Top of TASK INPUTS

(* $\mathsf{DFD}^{\neq\emptyset}$ has the finite model property with respect to its general relational models: for every formula $\varphi\in\mathcal{L}^{\neq\emptyset}$, if $\varphi$ is satisfied at some state of some general relational model of $\mathsf{DFD}^{\neq\emptyset}$, then $\varphi$ is satisfied at some state of a finite general relational model of $\mathsf{DFD}^{\neq\emptyset}$.
   Context: Vocabulary: finite set $V$ of basic variables and predicate symbols with arities. Terms: $v\in V$, and $\bigcirc x$ for a term $x$. Formulas of $\mathcal{L}^{\neq\emptyset}$: $P(x_1,\dots,x_k)$, $\neg\varphi$, $\varphi\wedge\psi$, $\bigcirc\varphi$, $\mathsf{D}_X\varphi$, $D_Xy$ where $X$ ranges over finite non-empty sets of terms. $\bigcirc X=\{\bigcirc x:x\in X\}$. A general relational model of $\mathsf{DFD}^{\neq\emptyset}$ is $(W,g,=_X,\|\cdot\|)_X$: $W$ non-empty; $g:W\to W$; for each finite non-empty set $X$ of terms a binary relation $=_X$ on $W$; $\|\cdot\|$ maps atoms $P(x_1,\dots,x_n)$ and $D_Xy$ ($X$ non-empty) to subsets of $W$ (write $s\vDash\alpha$ for $s\in\|\alpha\|$, and $s\vDash D_XY$ iff $s\vDash D_Xy$ for all $y\in Y$). For all non-empty finite $X,Y,Z$: (C2) $=_X$ is an equivalence relation; (C3) $s\vDash D_Xx$ for $x\in X$; $s\vDash D_XY$ and $s\vDash D_YZ$ imply $s\vDash D_XZ$; $s\vDash D_V\bigcirc x$ for all terms $x$; (C4) $s=_Xw$ and $s\vDash D_XY$ imply $w\vDash D_XY$ and $s=_Yw$; (C5) $s=_Xw$, $s\vDash P(x_1,\dots,x_n)$ with $x_i\in X$ imply $w\vDash P(x_1,\dots,x_n)$; (C6) $s\vDash P(\bigcirc x_1,\dots,\bigcirc x_n)$ iff $g(s)\vDash P(x_1,\dots,x_n)$; (C7) $s=_{\bigcirc X}w$ implies $g(s)=_Xg(w)$; (C8) $g(s)\vDash D_XY$ implies $s\vDash D_{\bigcirc X}\bigcirc Y$. Truth: atoms via $\|\cdot\|$; Boolean as usual; $s\vDash\bigcirc\varphi$ iff $g(s)\vDash\varphi$; $s\vDash\mathsf{D}_X\varphi$ iff every $t$ with $s=_Xt$ satisfies $\varphi$. The model is finite if $W$ is finite. *)

From HB Require Import structures.
From mathcomp Require Import all_boot.
From mathcomp Require Import finmap.
From Stdlib Require List.
Set Implicit Arguments.
Unset Strict Implicit.
Unset Printing Implicit Defensive.
Local Open Scope fset_scope.

(* A term is  ○^n v  (v a basic variable, n >= 0); it is represented by the
   pair (v, n).  Since terms are generated by  v  and  ○x  only, this is
   exactly the set of terms. *)
Definition term (Var : finType) : Type := (Var * nat)%type.

Definition tvar (Var : finType) (v : Var) : term Var := (v, 0).
Definition tnext (Var : finType) (x : term Var) : term Var := (x.1, x.2.+1).

Definition fnext (Var : finType) (X : {fset term Var}) : {fset term Var} :=
  [fset tnext x | x in X].

Definition Vset (Var : finType) : {fset term Var} :=
  [fset tvar v | v in [seq v | v <- enum Var]].

Inductive form (Var Pred : finType) : Type :=
| FAtom of Pred & seq (term Var)
| FNeg of form Var Pred
| FAnd of form Var Pred & form Var Pred
| FNext of form Var Pred
| FDBox of {fset term Var} & form Var Pred
| FDep of {fset term Var} & term Var.

Fixpoint wf (Var Pred : finType) (arity : Pred -> nat) (f : form Var Pred) : Prop :=
  match f with
  | FAtom P xs => size xs = arity P
  | FNeg g => wf arity g
  | FAnd g h => wf arity g /\ wf arity h
  | FNext g => wf arity g
  | FDBox X g => X != fset0 /\ wf arity g
  | FDep X _ => X != fset0
  end.

Record structure (Var Pred : finType) : Type := Structure {
  st : Type;
  st_nonempty : inhabited st;
  gmap : st -> st;
  eqX : {fset term Var} -> st -> st -> Prop;
  valP : Pred -> seq (term Var) -> st -> Prop;
  valD : {fset term Var} -> term Var -> st -> Prop
}.

Arguments st {Var Pred}.
Arguments gmap {Var Pred} _ _.
Arguments eqX {Var Pred} _ _ _ _.
Arguments valP {Var Pred} _ _ _ _.
Arguments valD {Var Pred} _ _ _ _.

Section Model.
Context {Var Pred : finType} (arity : Pred -> nat) (M : structure Var Pred).

Definition valDs (X Y : {fset term Var}) (s : st M) : Prop :=
  forall y, y \in Y -> valD M X y s.

Definition ne (X : {fset term Var}) : Prop := X != fset0.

Bottom of TASK INPUTS

### REQUIREMENT
Look through the entries and find each line that has the string "FDBox". Copy those lines.

### RESPONSE TO THE TASK
| FDBox of {fset term Var} & form Var Pred
  | FDBox X g => X != fset0 /\ wf arity g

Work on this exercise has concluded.